My name is Austin Wolff, and I'm a Real Estate Data Scientist that analyzes the best markets and locations for real estate investment. My analyses have previously been read by multiple billion-dollar firms.

New York buildings
New York, NY

In this article I'm going to share the technical data engineering behind the ETL pipeline that makes this possible.

First, I will explain the extraction (E) and transformation (T) of the data before I dive into using Airflow and Docker to orchestrate the pipeline.

Part 1: Extraction

The data used for analysis comes from two different sources/APIs: The Bureau of Labor Statics (BLS) and the ACS Survey from the US Census. The BLS provides the job data I need as recent as 2 prior months (for example, in March, the most recent data will be that of January, and in April, the most recent data will be February).

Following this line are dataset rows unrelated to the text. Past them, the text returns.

(* Let $(\mathcal C,\otimes,\mathbb I)$ be a monoidal category with pushouts and $(H,\Delta,\varepsilon)$ a coalgebra in $\mathcal C$ such that $V\otimes\varepsilon:V\otimes H\to V$ is an epimorphism for every object $V$ of $\mathcal C$. For each $V$, let $T(V)=(V,V,V\otimes\varepsilon,\mathrm{id}_V)$ be the trivial geometric partial comodule. Then $T(V)$ is globalizable for every $V$, with globalization the free comodule $(V\otimes H,V\otimes\Delta)$ (with $p=V\otimes\varepsilon$); thus $T$ defines a functor $\mathcal C\to\mathsf{PCom}^H_{gl}$. Moreover, with $U:\mathsf{PCom}^H_{gl}\to\mathcal C$ the forgetful functor, $\mathcal J:\mathsf{Com}^H\to\mathsf{PCom}^H_{gl}$ the embedding and $\mathcal G:\mathsf{PCom}^H_{gl}\to\mathsf{Com}^H$ its right adjoint (globalization), the composite $U\circ\mathcal J$ equals the forgetful functor $\mathsf{Com}^H\to\mathcal C$ and $\mathcal G\circ T$ is naturally isomorphic to the free comodule functor $-\otimes H:\mathcal C\to\mathsf{Com}^H$. That is, the free–forgetful adjunction between $\mathcal C$ and $\mathsf{Com}^H$ factors through $\mathsf{PCom}^H_{gl}$ via the adjunctions $U\dashv T$ and $\mathcal J\dashv\mathcal G$.
   Context: $\mathcal C$ is treated as strict monoidal; the identity of an object $X$ is also written $X$. $\mathsf{Com}^H$ is the category of right $H$-comodules $(Y,\delta)$. A partial comodule datum is $(X,X\bullet H,\pi_X,\rho_X)$ with $\rho_X:X\to X\bullet H$ and $\pi_X:X\otimes H\to X\bullet H$ an epimorphism. For such a datum let: $(X\bullet H)\bullet H$ be the pushout of $\pi_X$ and $\rho_X\otimes H$, with coprojections $\rho_X\bullet H$ and $\pi_{X\bullet H}$; $X\bullet(H\otimes H)$ the pushout of $\pi_X$ and $X\otimes\Delta$, with coprojections $X\bullet\Delta$ and $\pi_{X,\Delta}:X\otimes H\otimes H\to X\bullet(H\otimes H)$; $X\bullet(H\bullet H)$ the pushout of $\pi_{X,\Delta}$ and $\pi_X\otimes H$, with coprojections $\pi'_X$ and $\pi'_{X,\Delta}$. A geometric partial $H$-comodule is a datum such that (GP1) there is $X\bullet\varepsilon:X\bullet H\to X$ with $(X\bullet\varepsilon)\circ\rho_X=\mathrm{id}_X$ and $(X\bullet\varepsilon)\circ\pi_X=X\otimes\varepsilon$; (GP2) there is an isomorphism $\theta:X\bullet(H\bullet H)\to(X\bullet H)\bullet H$ with $\theta\circ\pi'_{X,\Delta}=\pi_{X\bullet H}$ and $(\rho_X\bullet H)\circ\rho_X=\theta\circ\pi'_X\circ(X\bullet\Delta)\circ\rho_X$. Morphisms $X\to X'$ are pairs $(f,f\bullet H)$ with $\rho_{X'}\circ f=(f\bullet H)\circ\rho_X$ and $\pi_{X'}\circ(f\otimes H)=(f\bullet H)\circ\pi_X$; category $\mathsf{PCom}^H$. A global comodule $(Y,\delta)$ gives $\mathcal I(Y)=(Y,Y\otimes H,\mathrm{id},\delta)$; a morphism $\mathcal I(Y)\to X$ is a $g:Y\to X$ in $\mathcal C$ with $\pi_X\circ(g\otimes H)\circ\delta=\rho_X\circ g$. A globalization of $X$ is a global comodule $(Y,\delta)$ with $p:Y\to X$ in $\mathcal C$ such that (GL1) $p$ is a morphism $\mathcal I(Y)\to X$; (GL2) $X\bullet H$ with $\rho_X,\pi_X$ is a pushout of $p$ and $(p\otimes H)\circ\delta$; (GL3) for every global $(Z,\delta')$ and morphism $q:\mathcal I(Z)\to X$ there is a unique comodule morphism $\eta:Z\to Y$ with $p\circ\eta=q$. $\mathsf{PCom}^H_{gl}$ is the full subcategory of globalizable geometric partial comodules; $\mathcal I$ corestricts to a fully faithful $\mathcal J:\mathsf{Com}^H\to\mathsf{PCom}^H_{gl}$, which has a right adjoint $\mathcal G$ sending $X$ to its globalization (the equalizer in $\mathsf{Com}^H$ of $\rho_X\otimes H$ and $(\pi_X\otimes H)\circ(X\otimes\Delta)$). Under the hypothesis on $\varepsilon$, $T(V)=(V,V\bullet H=V,\pi_V=V\otimes\varepsilon,\rho_V=\mathrm{id}_V)$ is a geometric partial comodule and $T$ is right adjoint to the forgetful functor $\mathsf{PCom}^H\to\mathcal C$ (known facts). *)

Set Implicit Arguments.

Record MonCat := {
  Ob : Type;
  Hom : Ob -> Ob -> Type;
  idm : forall X, Hom X X;
  comp : forall X Y Z, Hom Y Z -> Hom X Y -> Hom X Z;
  comp_idl : forall X Y (f : Hom X Y), comp (idm Y) f = f;
  comp_idr : forall X Y (f : Hom X Y), comp f (idm X) = f;
  comp_assoc : forall X Y Z W (h : Hom Z W) (g : Hom Y Z) (f : Hom X Y),
      comp h (comp g f) = comp (comp h g) f;
  tens : Ob -> Ob -> Ob;
  tensm : forall X X' Y Y', Hom X X' -> Hom Y Y' -> Hom (tens X Y) (tens X' Y');
  tensm_id : forall X Y, tensm (idm X) (idm Y) = idm (tens X Y);
  tensm_comp : forall X X' X'' Y Y' Y''
      (f' : Hom X' X'') (f : Hom X X') (g' : Hom Y' Y'') (g : Hom Y Y'),
      tensm (comp f' f) (comp g' g) = comp (tensm f' g') (tensm f g);
  unit : Ob;
  assoc : forall X Y Z, Hom (tens (tens X Y) Z) (tens X (tens Y Z));
  assoc_inv : forall X Y Z, Hom (tens X (tens Y Z)) (tens (tens X Y) Z);
  assoc_inv_l : forall X Y Z, comp (assoc_inv X Y Z) (assoc X Y Z) = idm _;
  assoc_inv_r : forall X Y Z, comp (assoc X Y Z) (assoc_inv X Y Z) = idm _;
  assoc_nat : forall X X' Y Y' Z Z' (f : Hom X X') (g : Hom Y Y') (h : Hom Z Z'),
      comp (assoc X' Y' Z') (tensm (tensm f g) h)
      = comp (tensm f (tensm g h)) (assoc X Y Z);
  lunit : forall X, Hom (tens unit X) X;
  lunit_inv : forall X, Hom X (tens unit X);
  lunit_inv_l : forall X, comp (lunit_inv X) (lunit X) = idm _;
  lunit_inv_r : forall X, comp (lunit X) (lunit_inv X) = idm _;
  lunit_nat : forall X X' (f : Hom X X'),
      comp (lunit X') (tensm (idm unit) f) = comp f (lunit X);
  runit : forall X, Hom (tens X unit) X;
  runit_inv : forall X, Hom X (tens X unit);
  runit_inv_l : forall X, comp (runit_inv X) (runit X) = idm _;
  runit_inv_r : forall X, comp (runit X) (runit_inv X) = idm _;
  runit_nat : forall X X' (f : Hom X X'),
      comp (runit X') (tensm f (idm unit)) = comp f (runit X);
  pentagon : forall W X Y Z,
      comp (assoc W X (tens Y Z)) (assoc (tens W X) Y Z)
      = comp (tensm (idm W) (assoc X Y Z))
             (comp (assoc W (tens X Y) Z) (tensm (assoc W X Y) (idm Z)));
  triangle : forall X Y,
      comp (tensm (idm X) (lunit Y)) (assoc X unit Y) = tensm (runit X) (idm Y)
}.

Arguments idm {m} X.
Arguments comp {m X Y Z} g f.
Arguments tens {m} X Y.
Arguments tensm {m X X' Y Y'} f g.
Arguments unit {m}.
Arguments assoc {m} X Y Z.
Arguments assoc_inv {m} X Y Z.
Arguments lunit {m} X.
Arguments runit {m} X.

Declare Scope cat_scope.
Delimit Scope cat_scope with cat.
Notation "g ∘ f" := (comp g f) (at level 40, left associativity) : cat_scope.
Notation "X ⊗ Y" := (tens X Y) (at level 30, right associativity) : cat_scope.
Notation "f ⊗m g" := (tensm f g) (at level 30, right associativity) : cat_scope.
Open Scope cat_scope.

Section Defs.
Variable C : MonCat.

Definition is_epi {A B : Ob C} (f : Hom C A B) : Prop :=
  forall Z (u v : Hom C B Z), u ∘ f = v ∘ f -> u = v.

Definition is_iso {A B : Ob C} (f : Hom C A B) : Prop :=
  exists g : Hom C B A, g ∘ f = idm A /\ f ∘ g = idm B.

Definition is_pushout {A B D P : Ob C} (f : Hom C A B) (g : Hom C A D)
    (i1 : Hom C B P) (i2 : Hom C D P) : Prop :=
  i1 ∘ f = i2 ∘ g /\
  forall Q (u : Hom C B Q) (v : Hom C D Q), u ∘ f = v ∘ g ->
    exists! h : Hom C P Q, h ∘ i1 = u /\ h ∘ i2 = v.

Record Pushout {A B D : Ob C} (f : Hom C A B) (g : Hom C A D) := {
  po_obj : Ob C;
  po_in1 : Hom C B po_obj;
  po_in2 : Hom C D po_obj;
  po_spec : is_pushout f g po_in1 po_in2
}.

Definition HasPushouts : Type :=
  forall (A B D : Ob C) (f : Hom C A B) (g : Hom C A D), Pushout f g.

Record Coalgebra := {
  cH : Ob C;
  cDelta : Hom C cH (cH ⊗ cH);
  cEps : Hom C cH unit;
  coassoc : assoc cH cH cH ∘ (cDelta ⊗m idm cH) ∘ cDelta
            = (idm cH ⊗m cDelta) ∘ cDelta;
  counit_l : lunit cH ∘ (cEps ⊗m idm cH) ∘ cDelta = idm cH;
  counit_r : runit cH ∘ (idm cH ⊗m cEps) ∘ cDelta = idm cH
}.

Variable H : Coalgebra.
Local Notation HH := (cH H).
Local Notation Δ := (cDelta H).
Local Notation ε := (cEps H).

Definition is_comodule (Y : Ob C) (δ : Hom C Y (Y ⊗ HH)) : Prop :=
  assoc Y HH HH ∘ (δ ⊗m idm HH) ∘ δ = (idm Y ⊗m Δ) ∘ δ /\
  runit Y ∘ (idm Y ⊗m ε) ∘ δ = idm Y.

Definition is_comodule_morphism {Y Z : Ob C} (δY : Hom C Y (Y ⊗ HH))
    (δZ : Hom C Z (Z ⊗ HH)) (g : Hom C Y Z) : Prop :=
  δZ ∘ g = (g ⊗m idm HH) ∘ δY.

Record PDatum := {
  pX : Ob C;
  pXH : Ob C;
  ppi : Hom C (pX ⊗ HH) pXH;
  prho : Hom C pX pXH
}.

Section Geometric.
Variable po : HasPushouts.
Variable D : PDatum.
Let X := pX D.
Let XH := pXH D.
Let π := ppi D.
Let ρ := prho D.

(** (X•H)•H : pushout of π_X and ρ_X ⊗ H, coprojections ρ_X•H and π_{X•H}. *)
Let P1 := po _ _ _ π (ρ ⊗m idm HH).
(** X•(H⊗H) : pushout of π_X and X ⊗ Δ, coprojections X•Δ and π_{X,Δ}. *)
Let P2 := po _ _ _ π (idm X ⊗m Δ).
(** X•(H•H) : pushout of π_{X,Δ} and π_X ⊗ H (the common domain
    X⊗H⊗H is identified via the associator), coprojections π'_X, π'_{X,Δ}. *)
Let P3 := po _ _ _ (po_in2 P2 ∘ assoc X HH HH) (π ⊗m idm HH).

Definition GP1 : Prop :=
  exists e : Hom C XH X, e ∘ ρ = idm X /\ e ∘ π = runit X ∘ (idm X ⊗m ε).

Definition GP2 : Prop :=
  exists θ : Hom C (po_obj P3) (po_obj P1),
    is_iso θ /\
    θ ∘ po_in2 P3 = po_in2 P1 /\
    po_in1 P1 ∘ ρ = θ ∘ po_in1 P3 ∘ po_in1 P2 ∘ ρ.

Definition is_geometric : Prop := is_epi π /\ GP1 /\ GP2.
End Geometric.

Definition is_pcom_morphism (D D' : PDatum) (f : Hom C (pX D) (pX D'))
    (fH : Hom C (pXH D) (pXH D')) : Prop :=
  prho D' ∘ f = fH ∘ prho D /\ ppi D' ∘ (f ⊗m idm HH) = fH ∘ ppi D.

(** [g : Y -> X] is a morphism [I(Y) -> X] for a global comodule [(Y, δ)]. *)
Definition is_morphism_from_global (D : PDatum) {Y : Ob C}
    (δ : Hom C Y (Y ⊗ HH)) (g : Hom C Y (pX D)) : Prop :=
  ppi D ∘ (g ⊗m idm HH) ∘ δ = prho D ∘ g.

Definition is_globalization (D : PDatum) (Y : Ob C) (δ : Hom C Y (Y ⊗ HH))
    (p : Hom C Y (pX D)) : Prop :=
  is_comodule Y δ /\
  is_morphism_from_global D δ p /\
  is_pushout p ((p ⊗m idm HH) ∘ δ) (prho D) (ppi D) /\
  (forall (Z : Ob C) (δ' : Hom C Z (Z ⊗ HH)), is_comodule Z δ' ->
     forall q : Hom C Z (pX D), is_morphism_from_global D δ' q ->
     exists! η : Hom C Z Y, is_comodule_morphism δ' δ η /\ p ∘ η = q).

(** The trivial partial comodule T(V) = (V, V, V⊗ε, id_V);
    here V ⊗ ε : V ⊗ H -> V means r_V ∘ (id_V ⊗ ε). *)
Definition T (V : Ob C) : PDatum :=
  {| pX := V; pXH := V; ppi := runit V ∘ (idm V ⊗m ε); prho := idm V |}.

End Defs.

Arguments is_epi {C A B} f.
Arguments is_globalization {C H} D Y δ p.
Arguments is_geometric {C H} po D.
Arguments is_pcom_morphism {C H} D D' f fH.
Arguments is_comodule_morphism {C H Y Z} δY δZ g.
Arguments is_comodule {C H} Y δ.
Arguments T {C} H V.

From Pilot Require Import Defs.

(* For T(V) one has X•H = X and ρ = id, and π = V ⊗ ε is split by the free
   coaction: (V ⊗ ε ⊗ H) ∘ (V ⊗ Δ) = id by counitality.  Hence (X•H)•H is the
   pushout of V ⊗ ε along an identity, and pasting the two pushouts that define
   X•(H•H) along this splitting shows that X•(H•H) is a pushout of the very same
   span; uniqueness of pushouts gives the isomorphism θ of (GP2).  For the same
   reason (GL2) is the pushout of V ⊗ ε along an identity, while (GL3) is the
   couniversal property of the free comodule V ⊗ H with counit V ⊗ ε. *)

Section MonoidalCoherence.
Variable C : MonCat.

Lemma tensm_comp_l (X X' X'' Y : Ob C) (f' : Hom C X' X'') (f : Hom C X X') :
  (f' ∘ f) ⊗m idm Y = f' ⊗m idm Y ∘ f ⊗m idm Y.
Proof. now rewrite <- tensm_comp, comp_idl. Qed.

Lemma tensm_comp_r (X Y Y' Y'' : Ob C) (g' : Hom C Y' Y'') (g : Hom C Y Y') :
  idm X ⊗m (g' ∘ g) = idm X ⊗m g' ∘ idm X ⊗m g.
Proof. now rewrite <- tensm_comp, comp_idl. Qed.

Lemma tensm_split_l (X X' Y Y' : Ob C) (f : Hom C X X') (g : Hom C Y Y') :
  f ⊗m idm Y' ∘ idm X ⊗m g = f ⊗m g.
Proof. now rewrite <- tensm_comp, comp_idl, comp_idr. Qed.

Lemma tensm_split_r (X X' Y Y' : Ob C) (f : Hom C X X') (g : Hom C Y Y') :
  idm X' ⊗m g ∘ f ⊗m idm Y = f ⊗m g.
Proof. now rewrite <- tensm_comp, comp_idl, comp_idr. Qed.

Lemma assoc_inv_nat (X X' Y Y' Z Z' : Ob C) (f : Hom C X X') (g : Hom C Y Y')
    (h : Hom C Z Z') :
  (f ⊗m g) ⊗m h ∘ assoc_inv X Y Z = assoc_inv X' Y' Z' ∘ f ⊗m g ⊗m h.
Proof.
  rewrite <- (comp_idl _ _ _ ((f ⊗m g) ⊗m h)), <- (assoc_inv_l C X' Y' Z').
  rewrite <- (comp_assoc _ _ _ _ _ (assoc_inv X' Y' Z')), assoc_nat.
  now rewrite <- !comp_assoc, assoc_inv_r, comp_idr.
Qed.

Lemma assoc_inj (X Y Z W : Ob C) (f g : Hom C W ((X ⊗ Y) ⊗ Z)) :
  assoc X Y Z ∘ f = assoc X Y Z ∘ g -> f = g.
Proof.
  intro E.
  rewrite <- (comp_idl _ _ _ f), <- (comp_idl _ _ _ g), <- (assoc_inv_l C X Y Z).
  now rewrite <- !comp_assoc, E.
Qed.

Lemma tensm_unit_inj (X Y : Ob C) (f g : Hom C X Y) :
  f ⊗m idm unit = g ⊗m idm unit -> f = g.
Proof.
  intro E.
  assert (Erunit : f ∘ runit X = g ∘ runit X) by now rewrite <- !runit_nat, E.
  rewrite <- (comp_idr _ _ _ f), <- (comp_idr _ _ _ g), <- (runit_inv_r C X).
  now rewrite !comp_assoc, Erunit.
Qed.

(* Kelly's lemma, from the pentagon and the triangle axioms. *)
Lemma runit_tens (X Y : Ob C) :
  idm X ⊗m runit Y ∘ assoc X Y unit = runit (X ⊗ Y).
Proof.
  apply tensm_unit_inj, assoc_inj.
  rewrite <- (triangle C (X ⊗ Y) unit), comp_assoc, <- (tensm_id C X Y), assoc_nat.
  rewrite <- comp_assoc, pentagon, !comp_assoc, <- (tensm_comp C), comp_idl.
  now rewrite (triangle C Y unit), tensm_comp_l, comp_assoc, <- (assoc_nat C).
Qed.

Lemma runit_tens_inv (X Y : Ob C) :
  runit (X ⊗ Y) ∘ assoc_inv X Y unit = idm X ⊗m runit Y.
Proof. now rewrite <- runit_tens, <- comp_assoc, assoc_inv_r, comp_idr. Qed.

The BLS data is accessed and downloaded using my download_bls_data.py script (a snippet of the Python code is featured below).

...
# Get the data from the API
headers = {'Content-type': 'application/json'}
data = json.dumps({"seriesid": series_ids,
                  "startyear": str(start_year), 
                  "endyear": str(end_year),
                  "registrationkey" : bls_key,
                  "calculations": True})
p = requests.post('https://api.bls.gov/publicAPI/v2/timeseries/data/', 
                    data=data, headers=headers)
json_data = json.loads(p.text)
...        

The Census provides the demographic data I need (rent/income/price) once a year near the end of the year. Unfortunately, this data will always be a year behind or more. The Census data is accessed through their API and downloaded through a similar script of mine.

Part 2: Transformation

Finally, the data is passed through my ranking algorithm, which essentially applies this equation to each MSA:

Demographic weighting algorithm, which multiplies a weight by the demographic's normalized trend coefficient.
Demographic weight summation algorithm

Where "weight" is the weight you want to apply to a particular demographic (so, for example, you can give "job growth" more importance than "price growth" if that fit your personal investment thesis), and "z" is the normalized trend coefficient for a given dataset. (I could further explain the explicit details behind this variable, but this is not the article for that. For now, think of "z" as a measure of the trend line of a given demographic: An MSA with a higher trend of job growth will have a higher z-number.)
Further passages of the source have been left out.